**Instructions for the task**
Write out, word for word, every line in the data below from the one containing "have adjE x" to the one containing "Proof. by move=> [d", both of them included.
:: Data listing
(* Let $n,m\ge1$ be integers (not necessarily distinct). Then for the Ramsey number $\mathcal{R}_{\mathcal{IDM}}$ with respect to the class $\mathcal{IDM}$ of idempotents graphs, \[ \mathcal{R}_{\mathcal{IDM}}(n,m)=\mathcal{R}_{\mathcal{PO}}(n,m)=(n-1)(m-1)+1 . \]
   Context: For a commutative ring $R$ (with $1\ne0$), the idempotents graph $\mathrm{Idm}(R)$ is the simple undirected graph whose vertices are the idempotents of $R$ ($a^2=a$), distinct $a,b$ adjacent iff $a\mid b$ or $b\mid a$; $\mathcal{IDM}$ is the class of all idempotents graphs of commutative rings. $\mathcal{PO}$ is the class of partial order graphs $G_A$ of posets $(A,\le)$ (distinct vertices adjacent iff comparable). For a class $\mathcal{C}$ of graphs, $\mathcal{R}_{\mathcal{C}}(n,m)$ is the minimal $r$ such that every induced subgraph with $r$ vertices of any graph in $\mathcal{C}$ contains either $K_n$ or an independent set of $m$ vertices. *)

From mathcomp Require Import all_boot all_algebra.
Set Implicit Arguments. Unset Strict Implicit. Unset Printing Implicit Defensive.
Import GRing.Theory.
Local Open Scope ring_scope.

(* Generic Ramsey property of a (possibly infinite) simple graph with vertex
   predicate [vert] on a type [V] and adjacency [adj]:
   every induced subgraph on r distinct vertices (an injective r-tuple of
   vertices) contains K_n (n distinct pairwise adjacent vertices) or an
   independent set of m distinct vertices. *)
Definition ramsey_ok (V : Type) (vert : V -> Prop) (adj : V -> V -> Prop)
    (n m r : nat) : Prop :=
  forall f : 'I_r -> V, injective f -> (forall i, vert (f i)) ->
    (exists g : 'I_n -> 'I_r, injective g /\
       forall i j, i != j -> adj (f (g i)) (f (g j)))
    \/
    (exists g : 'I_m -> 'I_r, injective g /\
       forall i j, i != j -> ~ adj (f (g i)) (f (g j))).

Definition rdvd (R : comNzRingType) (a b : R) : Prop := exists c : R, b = a * c.

Definition idempotent (R : comNzRingType) (a : R) : Prop := a * a = a.
Definition idm_adj (R : comNzRingType) (a b : R) : Prop :=
  a <> b /\ (rdvd a b \/ rdvd b a).

Definition ramsey_IDM (n m r : nat) : Prop :=
  forall R : comNzRingType, ramsey_ok (@idempotent R) (@idm_adj R) n m r.

Definition is_poset (A : Type) (le : A -> A -> Prop) : Prop :=
  (forall x, le x x) /\
  (forall x y, le x y -> le y x -> x = y) /\
  (forall x y z, le x y -> le y z -> le x z).
Definition po_adj (A : Type) (le : A -> A -> Prop) (x y : A) : Prop :=
  x <> y /\ (le x y \/ le y x).

Definition ramsey_PO (n m r : nat) : Prop :=
  forall (A : Type) (le : A -> A -> Prop), is_poset le ->
    ramsey_ok (fun _ : A => True) (po_adj le) n m r.

Definition is_min_nat (good : nat -> Prop) (k : nat) : Prop :=
  good k /\ forall r, good r -> (k <= r)%N.

(* Both graphs are comparability graphs of partial orders: on idempotents,
   a | b and b | a force a = ab = b.  The upper bound is Mirsky's theorem:
   in a finite poset with more than (n-1)(m-1) elements, either the maximal
   elements form an antichain of size m, or removing them leaves more than
   (n-2)(m-1) elements, hence by induction a chain of n-1 elements whose top
   lies below a removed maximal element.  The lower bound is the disjoint
   union of m-1 chains of n-1 elements: the grid 'I_(m-1) * 'I_(n-1) ordered
   within columns, realised among the idempotents of F_2^X by indicators of
   the sets {c} u {j >= l}, on which divisibility is reverse inclusion. *)
From Pilot Require Import Defs.
From HB Require Import structures.
From mathcomp Require Import all_boot all_algebra.
From mathcomp Require Import zify boolp.
Import GRing.Theory.
Set Implicit Arguments.
Unset Strict Implicit.
Unset Printing Implicit Defensive.

Lemma ord_inj_of_leq_card (T : finType) (A : {pred T}) k :
  k <= #|A| -> {g : 'I_k -> T | injective g & forall i, g i \in A}.
Proof.
move=> leA; exists (fun i => enum_val (widen_ord leA i)); last first.
  by move=> i; apply: enum_valP.
by move=> i j /enum_val_inj /(congr1 val) eq_ij; apply: val_inj.
Qed.

Section Mirsky.

Variables (T : finType) (le : rel T).
Hypotheses (le_refl : reflexive le) (le_anti : antisymmetric le)
  (le_trans : transitive le).

Let lt x y := (y != x) && le x y.

Let lt_trans : transitive lt.
Proof.
move=> y x z /andP[yx lexy] /andP[zy leyz]; rewrite /lt (le_trans lexy leyz) andbT.
apply: contra_neq yx => zx; rewrite zx in leyz.
by apply: le_anti; rewrite leyz lexy.
Qed.

Lemma sorted_chain_or_antichain n m (A : {set T}) : n * m < #|A| ->
  (exists s : seq T, [/\ size s = n.+1, {subset s <= A} & sorted lt s]) \/
  (exists2 B : {set T}, m < #|B| & {in B &, forall x y, x != y -> ~~ le x y}).
Proof.
elim: n A => [|n IH] A hA.
  have [a aA] : exists a, a \in A by apply/set0Pn; rewrite -card_gt0.
  by left; exists [:: a]; split=> // x; rewrite inE => /eqP->.
pose M := [set x in A | [forall y in A, le x y ==> (y == x)]].
have [wideM | narrowM] := ltnP m #|M|.
  right; exists M => // x y; rewrite !inE => /andP[_ /forall_inP maxx] /andP[yA _].
  by apply: contra => lexy; rewrite eq_sym (implyP (maxx y yA)).
have sMA : M \subset A by apply/subsetP => x; rewrite inE => /andP[].
have hAM : n * m < #|A :\: M|.
  by move: hA; rewrite -(cardsID M A) (setIidPr sMA) mulSn; lia.
have [[s [sz sA ss]] | ?] := IH _ hAM; last by right.
case: s sz sA ss => [|x0 s] // sz sA ss.
have /setDP[tA tM] : last x0 s \in A :\: M by apply: sA; apply: mem_last.
have [y yA /andP[le_ty y_t]] : exists2 y, y \in A & le (last x0 s) y && (y != last x0 s).
  move: tM; rewrite inE tA /= => /forall_inPn[y yA]; rewrite negb_imply.
  by exists y.
have subA : {subset x0 :: s <= A} by move=> x /sA /setDP[].
left; exists (x0 :: rcons s y); split.
- by rewrite /= size_rcons -sz.
- by move=> x; rewrite -rcons_cons mem_rcons inE => /predU1P[->|/subA].
- by rewrite /= rcons_path [path _ _ _]ss /lt y_t le_ty.
Qed.

Theorem mirsky n m : n * m < #|T| ->
  (exists2 C : {set T}, n < #|C| & {in C &, forall x y, le x y || le y x}) \/
  (exists2 B : {set T}, m < #|B| & {in B &, forall x y, x != y -> ~~ le x y}).
Proof.
rewrite -cardsT => /sorted_chain_or_antichain[[s [sz _ ss]] | ?]; last by right.
have lt_irr : irreflexive lt by move=> x; rewrite /lt eqxx.
left; exists [set x in s].
  by rewrite cardsE (card_uniqP (sorted_uniq lt_trans lt_irr ss)) sz.
pose cmp x y := le x y || le y x.
have cmp_refl : reflexive cmp by move=> x; rewrite /cmp le_refl.
have cmp_sym : symmetric cmp by move=> x y; rewrite /cmp orbC.
have lt_cmp : subrel lt cmp by move=> x y /andP[_ lexy]; rewrite /cmp lexy.
have /allrelP cmp_s : all2rel cmp s.
  by rewrite -pairwise_all2rel // (sub_pairwise lt_cmp) // -sorted_pairwise.
by move=> x y; rewrite !inE; apply: cmp_s.
Qed.

End Mirsky.

Lemma ramsey_ok_leq (V : Type) (vert : V -> Prop) (adj : V -> V -> Prop) n m r r' :
  r <= r' -> ramsey_ok vert adj n m r -> ramsey_ok vert adj n m r'.
Proof.
move=> le_rr' ok f finj fv.
have widen_inj : injective (widen_ord le_rr').
  by move=> i j /(congr1 val) eq_ij; apply: val_inj.
have [[g [ginj clique]] | [g [ginj indep]]] :=
  ok _ (inj_comp finj widen_inj) (fun i => fv _).
- by left; exists (widen_ord le_rr' \o g); split=> //; apply: inj_comp.
- by right; exists (widen_ord le_rr' \o g); split=> //; apply: inj_comp.
Qed.

Lemma is_min_nat_succ (good : nat -> Prop) k :
  (forall r r', r <= r' -> good r -> good r') -> good k.+1 -> ~ good k ->
  is_min_nat good k.+1.
Proof.
move=> good_mono good_k1 not_good_k; split=> // r good_r.
by case: (leqP r k) => // le_rk; case: not_good_k; apply: good_mono good_r.
Qed.

Section ComparabilityGraph.

Variables (V : Type) (vert : V -> Prop) (le : V -> V -> Prop).
Hypotheses (le_refl : forall x, vert x -> le x x)
  (le_anti : forall x y, vert x -> vert y -> le x y -> le y x -> x = y)
  (le_trans : forall x y z, vert x -> vert y -> vert z -> le x y -> le y z -> le x z).

Lemma ramsey_ok_po_adj n m : ramsey_ok vert (po_adj le) n.+1 m.+1 (n * m).+1.
Proof.
move=> f finj fv; pose leI i j := `[< le (f i) (f j) >].
have leI_refl : reflexive leI by move=> i; apply/asboolP/le_refl.
have leI_anti : antisymmetric leI.
  by move=> i j /andP[/asboolP leij /asboolP leji]; apply/finj/le_anti.
have leI_trans : transitive leI.
  move=> j i k /asboolP leij /asboolP lejk; apply/asboolP.
  exact: le_trans leij lejk.
have card_r : n * m < #|'I_(n * m).+1| by rewrite card_ord.
have [[C hC chainC] | [B hB antiB]] := mirsky leI_refl leI_anti leI_trans card_r.
- left; have [g ginj gC] := ord_inj_of_leq_card hC; exists g; split=> // i j ij.
  split; first by move/finj/ginj/eqP; rewrite (negbTE ij).
  by have /orP[/asboolP|/asboolP] := chainC _ _ (gC i) (gC j); [left | right].
- right; have [g ginj gB] := ord_inj_of_leq_card hB; exists g; split=> // i j ij.
  have gij : g i != g j by rewrite (inj_eq ginj).
  have gji : g j != g i by rewrite eq_sym.
  move=> [_ [/asboolP leij | /asboolP leji]].
    by move/negP: (antiB _ _ (gB i) (gB j) gij).
  by move/negP: (antiB _ _ (gB j) (gB i) gji).
Qed.

End ComparabilityGraph.

Lemma not_ramsey_ok_grid (V : Type) (vert : V -> Prop) (le : V -> V -> Prop) n m
    (f : 'I_m * 'I_n -> V) :
  (forall x, vert (f x)) -> (forall x y, le (f x) (f y) <-> x.1 = y.1 /\ x.2 <= y.2) ->
  ~ ramsey_ok vert (po_adj le) n.+1 m.+1 (n * m).
Proof.
move=> fv leE.
have finj : injective f.
  move=> [a b] [c d] fxy.
  have [/leE[/= ac bd] /leE[_ db]] : le (f (a, b)) (f (c, d)) /\ le (f (c, d)) (f (a, b)).
    by rewrite fxy; split; apply/leE.
  by rewrite ac; congr pair; apply/val_inj/eqP; rewrite eqn_leq bd db.
have adjE x y : x != y -> po_adj le (f x) (f y) <-> x.1 = y.1.
  move=> xy; split=> [[_ [/leE[] | /leE[]]] // -> // | col_xy].
  split; first by move/finj/eqP; rewrite (negbTE xy).
  by case: (leqP x.2 y.2) => [le_xy | /ltnW le_yx]; [left | right]; apply/leE.
have card_grid : #|{: 'I_m * 'I_n}| = n * m by rewrite card_prod !card_ord mulnC.
pose e (i : 'I_(n * m)) := enum_val (cast_ord (esym card_grid) i).
have einj : injective e by move=> i j /enum_val_inj/cast_ord_inj.
case/(_ (f \o e) (inj_comp finj einj) (fun i => fv _)) =>
  [[g [ginj clique]] | [g [ginj indep]]].
- have col i j : (e (g i)).1 = (e (g j)).1.
    case: (eqVneq i j) => [-> // | ij].
    have eij : e (g i) != e (g j) by rewrite (inj_eq einj) (inj_eq ginj).
    exact/(adjE _ _ eij)/clique.
  have row_inj : injective (fun i => (e (g i)).2).
    move=> i j row_ij; apply/ginj/einj.
    by move: (col i j) row_ij; case: (e (g i)) => ? ?; case: (e (g j)) => ? ? /= -> ->.
  by have := leq_card _ row_inj; rewrite !card_ord ltnn.
- have col_inj : injective (fun i => (e (g i)).1).
    move=> i j col_ij; apply/eqP/negP => /negP ij; apply: (indep i j ij).
    have eij : e (g i) != e (g j) by rewrite (inj_eq einj) (inj_eq ginj).
    exact/(adjE _ _ eij).
  by have := leq_card _ col_inj; rewrite !card_ord ltnn.
Qed.

Section IdempotentDivisibility.

Variable R : comNzRingType.

Lemma rdvd_refl (a : R) : rdvd a a.
Proof. by exists 1%R; rewrite mulr1. Qed.

Lemma rdvd_trans (a b c : R) : rdvd a b -> rdvd b c -> rdvd a c.
Proof. by move=> [d ->] [d' ->]; exists (d * d')%R; rewrite mulrA. Qed.

Lemma idempotent_rdvd_anti (a b : R) :
  Defs.idempotent a -> Defs.idempotent b -> rdvd a b -> rdvd b a -> a = b.
Proof.
move=> idem_a idem_b [c b_ac] [d a_bd].
have ab_b : (a * b = b)%R by rewrite b_ac mulrA idem_a.
have ba_a : (b * a = a)%R by rewrite a_bd mulrA idem_b.
by rewrite -ba_a mulrC ab_b.
Qed.

End IdempotentDivisibility.

(* The extra point [None] makes the ring nontrivial even for an empty [T]. *)
Definition boolfun (T : finType) := {ffun option T -> 'F_2}.

HB.instance Definition _ (T : finType) :=
  GRing.PzRing.copy (boolfun T) {ffun option T -> 'F_2}.

Lemma boolfun_mulC (T : finType) : commutative (@GRing.mul (boolfun T)).
Proof. by move=> f g; apply/ffunP => x; rewrite !ffunE mulrC. Qed.

HB.instance Definition _ (T : finType) :=
  GRing.PzSemiRing_hasCommutativeMul.Build (boolfun T) (@boolfun_mulC T).

Lemma boolfun_oner_neq0 (T : finType) : (1%R : boolfun T) != 0%R.
Proof. by apply/eqP => /ffunP/(_ None); rewrite !ffunE. Qed.

HB.instance Definition _ (T : finType) :=
  GRing.PzSemiRing_isNonZero.Build (boolfun T) (@boolfun_oner_neq0 T).

Definition indicator (T : finType) (A : {set option T}) : boolfun T :=
  [ffun x => ((x \in A)%:R)%R].

Lemma idempotent_indicator (T : finType) (A : {set option T}) :
  Defs.idempotent (indicator A).
Proof. by apply/ffunP => x; rewrite !ffunE; case: (x \in A); rewrite ?mulr0 ?mulr1. Qed.

Lemma rdvd_indicator (T : finType) (A B : {set option T}) :
  rdvd (indicator A) (indicator B) <-> B \subset A.
Proof.
split=> [[c /ffunP B_Ac] | sBA].
  apply/subsetP => x xB; move: (B_Ac x); rewrite !ffunE xB.
  by case: (x \in A) => //; rewrite mul0r => /eqP; rewrite oner_eq0.
exists (indicator B); apply/ffunP => x; rewrite !ffunE.
by case: (boolP (x \in B)) => [xB | _]; rewrite ?(subsetP sBA x xB) ?mulr1 ?mulr0.
Qed.

Definition grid_set m n (x : 'I_m * 'I_n) : {set option ('I_m + 'I_n)} :=
  [set z : option ('I_m + 'I_n) |
    match z with
    | Some (inl c) => c == x.1
    | Some (inr j) => x.2 <= j
    | None => false
    end].

Lemma grid_set_subset m n (x y : 'I_m * 'I_n) :
  (grid_set y \subset grid_set x) = (x.1 == y.1) && (x.2 <= y.2).
Proof.
apply/subsetP/andP => [sub_yx | [/eqP col_xy le_xy] [[c | j] |]] //.
- have := sub_yx (Some (inl y.1)); have := sub_yx (Some (inr y.2)).
  by rewrite !inE !eqxx leqnn => /(_ isT) le_xy /(_ isT) /eqP ->.
- by rewrite !inE col_xy.
- by rewrite !inE => /(leq_trans le_xy).
- by rewrite inE.
Qed.

Lemma ramsey_PO_mulS n m : ramsey_PO n.+1 m.+1 (n * m).+1.
Proof.
move=> A le [le_refl [le_anti le_trans]].
by apply: ramsey_ok_po_adj => [x _ | x y _ _ | x y z _ _ _];
  [apply: le_refl | apply: le_anti | apply: le_trans].
Qed.

Lemma ramsey_IDM_mulS n m : ramsey_IDM n.+1 m.+1 (n * m).+1.
Proof.
move=> R; apply: (ramsey_ok_po_adj (le := @rdvd R)).
- by move=> a _; apply: rdvd_refl.
- exact: idempotent_rdvd_anti.
- by move=> a b c _ _ _; apply: rdvd_trans.
Qed.

Lemma not_ramsey_PO_mul n m : ~ ramsey_PO n.+1 m.+1 (n * m).
Proof.
pose le (x y : 'I_m * 'I_n) := x.1 = y.1 /\ x.2 <= y.2.
have le_poset : is_poset le.
  split; first by move=> x; split.
  split; last first.
    move=> x y z [col_xy le_xy] [col_yz le_yz].
    by split; [rewrite col_xy | apply: leq_trans le_yz].
  move=> [a b] [c d] [/= -> le_bd] [_ le_db].
  by congr pair; apply/val_inj/eqP; rewrite eqn_leq le_bd le_db.
by move/(_ _ le le_poset); apply: (not_ramsey_ok_grid (f := id)).
Qed.

Lemma not_ramsey_IDM_mul n m : ~ ramsey_IDM n.+1 m.+1 (n * m).
Proof.
move/(_ (boolfun ('I_m + 'I_n)%type)).
apply: (not_ramsey_ok_grid (le := @rdvd _) (f := fun x => indicator (grid_set x))).
  by move=> x; apply: idempotent_indicator.
move=> x y; rewrite rdvd_indicator grid_set_subset.
by split=> [/andP[/eqP -> ->] | [-> ->]]; rewrite ?eqxx.
Qed.

Theorem theorem3p21 (n m : nat) (hn : (1 <= n)%N) (hm : (1 <= m)%N) :
  is_min_nat (ramsey_IDM n m) ((n - 1) * (m - 1) + 1)%N /\
  is_min_nat (ramsey_PO n m) ((n - 1) * (m - 1) + 1)%N.
Proof.
case: n hn => // n _; case: m hm => // m _; rewrite !subn1 /= addn1.
split; apply: is_min_nat_succ.
- by move=> r r' le_rr' ok R; apply: ramsey_ok_leq le_rr' (ok R).
- exact: ramsey_IDM_mulS.
- exact: not_ramsey_IDM_mul.
- by move=> r r' le_rr' ok A le le_poset; apply: ramsey_ok_leq le_rr' (ok A le le_poset).
- exact: ramsey_PO_mulS.
- exact: not_ramsey_PO_mul.
Qed.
::::
**Answer**
have adjE x y : x != y -> po_adj le (f x) (f y) <-> x.1 = y.1.
  move=> xy; split=> [[_ [/leE[] | /leE[]]] // -> // | col_xy].
  split; first by move/finj/eqP; rewrite (negbTE xy).
  by case: (leqP x.2 y.2) => [le_xy | /ltnW le_yx]; [left | right]; apply/leE.
have card_grid : #|{: 'I_m * 'I_n}| = n * m by rewrite card_prod !card_ord mulnC.
pose e (i : 'I_(n * m)) := enum_val (cast_ord (esym card_grid) i).
have einj : injective e by move=> i j /enum_val_inj/cast_ord_inj.
case/(_ (f \o e) (inj_comp finj einj) (fun i => fv _)) =>
  [[g [ginj clique]] | [g [ginj indep]]].
- have col i j : (e (g i)).1 = (e (g j)).1.
    case: (eqVneq i j) => [-> // | ij].
    have eij : e (g i) != e (g j) by rewrite (inj_eq einj) (inj_eq ginj).
    exact/(adjE _ _ eij)/clique.
  have row_inj : injective (fun i => (e (g i)).2).
    move=> i j row_ij; apply/ginj/einj.
    by move: (col i j) row_ij; case: (e (g i)) => ? ?; case: (e (g j)) => ? ? /= -> ->.
  by have := leq_card _ row_inj; rewrite !card_ord ltnn.
- have col_inj : injective (fun i => (e (g i)).1).
    move=> i j col_ij; apply/eqP/negP => /negP ij; apply: (indep i j ij).
    have eij : e (g i) != e (g j) by rewrite (inj_eq einj) (inj_eq ginj).
    exact/(adjE _ _ eij).
  by have := leq_card _ col_inj; rewrite !card_ord ltnn.
Qed.

Section IdempotentDivisibility.

Variable R : comNzRingType.

Lemma rdvd_refl (a : R) : rdvd a a.
Proof. by exists 1%R; rewrite mulr1. Qed.

Lemma rdvd_trans (a b c : R) : rdvd a b -> rdvd b c -> rdvd a c.
Proof. by move=> [d ->] [d' ->]; exists (d * d')%R; rewrite mulrA. Qed.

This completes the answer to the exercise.